Go through the data and copy each line that holds "exists".

-------- Data extract --------

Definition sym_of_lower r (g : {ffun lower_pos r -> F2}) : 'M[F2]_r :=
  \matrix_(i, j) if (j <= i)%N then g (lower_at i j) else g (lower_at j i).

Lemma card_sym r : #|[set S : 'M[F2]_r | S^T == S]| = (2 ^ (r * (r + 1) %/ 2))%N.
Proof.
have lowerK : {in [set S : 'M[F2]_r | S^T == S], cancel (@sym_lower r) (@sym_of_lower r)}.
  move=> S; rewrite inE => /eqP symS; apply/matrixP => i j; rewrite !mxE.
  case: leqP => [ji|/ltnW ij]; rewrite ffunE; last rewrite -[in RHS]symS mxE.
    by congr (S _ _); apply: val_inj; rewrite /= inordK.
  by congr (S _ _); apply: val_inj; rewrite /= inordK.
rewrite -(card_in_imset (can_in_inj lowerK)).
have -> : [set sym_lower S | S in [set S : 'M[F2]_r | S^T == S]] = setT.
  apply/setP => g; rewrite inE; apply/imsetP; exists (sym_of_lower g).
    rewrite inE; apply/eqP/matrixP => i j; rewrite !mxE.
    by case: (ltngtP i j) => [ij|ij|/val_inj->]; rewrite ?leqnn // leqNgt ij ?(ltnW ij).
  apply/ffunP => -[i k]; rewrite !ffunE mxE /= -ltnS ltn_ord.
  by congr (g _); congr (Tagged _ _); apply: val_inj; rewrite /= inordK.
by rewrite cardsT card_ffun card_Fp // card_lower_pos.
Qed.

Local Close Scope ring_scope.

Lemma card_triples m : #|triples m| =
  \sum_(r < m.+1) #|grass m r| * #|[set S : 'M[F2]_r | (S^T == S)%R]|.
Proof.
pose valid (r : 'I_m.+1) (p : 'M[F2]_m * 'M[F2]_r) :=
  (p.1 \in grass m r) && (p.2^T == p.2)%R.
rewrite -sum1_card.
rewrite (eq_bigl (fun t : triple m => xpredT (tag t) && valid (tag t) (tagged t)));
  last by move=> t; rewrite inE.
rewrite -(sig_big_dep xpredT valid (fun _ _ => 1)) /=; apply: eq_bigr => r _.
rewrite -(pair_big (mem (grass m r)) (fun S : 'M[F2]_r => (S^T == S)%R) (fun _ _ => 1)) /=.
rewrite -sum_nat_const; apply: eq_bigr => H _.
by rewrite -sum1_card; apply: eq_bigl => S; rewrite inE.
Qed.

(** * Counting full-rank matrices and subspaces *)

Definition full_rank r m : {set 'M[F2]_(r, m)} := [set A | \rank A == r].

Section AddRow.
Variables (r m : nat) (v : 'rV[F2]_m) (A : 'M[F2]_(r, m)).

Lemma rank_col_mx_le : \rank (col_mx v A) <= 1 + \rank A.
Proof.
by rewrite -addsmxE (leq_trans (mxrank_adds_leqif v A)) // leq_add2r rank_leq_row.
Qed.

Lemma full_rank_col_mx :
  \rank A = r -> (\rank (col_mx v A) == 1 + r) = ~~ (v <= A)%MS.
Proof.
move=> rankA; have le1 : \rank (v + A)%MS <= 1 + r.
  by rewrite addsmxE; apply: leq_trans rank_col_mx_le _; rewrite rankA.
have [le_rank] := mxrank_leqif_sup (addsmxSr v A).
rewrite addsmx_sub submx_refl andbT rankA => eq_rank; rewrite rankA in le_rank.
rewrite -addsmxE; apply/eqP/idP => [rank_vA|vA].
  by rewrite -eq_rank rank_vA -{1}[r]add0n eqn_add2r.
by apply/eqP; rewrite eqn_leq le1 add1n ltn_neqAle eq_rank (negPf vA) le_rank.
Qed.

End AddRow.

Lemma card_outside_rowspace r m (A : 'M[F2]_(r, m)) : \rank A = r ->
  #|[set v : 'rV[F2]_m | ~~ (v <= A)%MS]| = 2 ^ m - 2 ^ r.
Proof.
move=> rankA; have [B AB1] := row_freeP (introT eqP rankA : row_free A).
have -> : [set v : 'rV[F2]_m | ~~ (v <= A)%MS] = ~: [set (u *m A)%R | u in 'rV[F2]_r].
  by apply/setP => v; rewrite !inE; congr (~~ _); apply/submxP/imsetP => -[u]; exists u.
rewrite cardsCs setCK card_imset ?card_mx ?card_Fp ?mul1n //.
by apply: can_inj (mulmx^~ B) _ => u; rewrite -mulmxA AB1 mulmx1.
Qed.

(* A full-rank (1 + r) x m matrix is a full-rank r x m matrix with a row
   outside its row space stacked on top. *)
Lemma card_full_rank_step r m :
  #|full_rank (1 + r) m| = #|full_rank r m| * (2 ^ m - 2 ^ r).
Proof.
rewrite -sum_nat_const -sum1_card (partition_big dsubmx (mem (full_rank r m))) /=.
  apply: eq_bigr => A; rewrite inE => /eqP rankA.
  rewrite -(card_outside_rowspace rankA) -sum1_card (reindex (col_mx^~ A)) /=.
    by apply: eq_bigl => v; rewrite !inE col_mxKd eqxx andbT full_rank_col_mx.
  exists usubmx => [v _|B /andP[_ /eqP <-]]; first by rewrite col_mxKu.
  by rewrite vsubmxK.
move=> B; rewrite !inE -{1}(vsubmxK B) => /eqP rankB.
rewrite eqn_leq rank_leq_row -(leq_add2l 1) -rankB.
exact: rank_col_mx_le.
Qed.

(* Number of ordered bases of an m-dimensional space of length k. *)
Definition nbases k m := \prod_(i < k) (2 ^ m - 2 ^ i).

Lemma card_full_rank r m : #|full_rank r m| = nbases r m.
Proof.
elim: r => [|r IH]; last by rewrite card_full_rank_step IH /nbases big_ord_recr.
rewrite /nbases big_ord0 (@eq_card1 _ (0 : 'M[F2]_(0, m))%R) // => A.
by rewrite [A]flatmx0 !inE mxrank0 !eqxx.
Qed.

--------

Solution to the exercise →
  apply/setP => g; rewrite inE; apply/imsetP; exists (sym_of_lower g).
  by apply/setP => v; rewrite !inE; congr (~~ _); apply/submxP/imsetP => -[u]; exists u.
  exists usubmx => [v _|B /andP[_ /eqP <-]]; first by rewrite col_mxKu.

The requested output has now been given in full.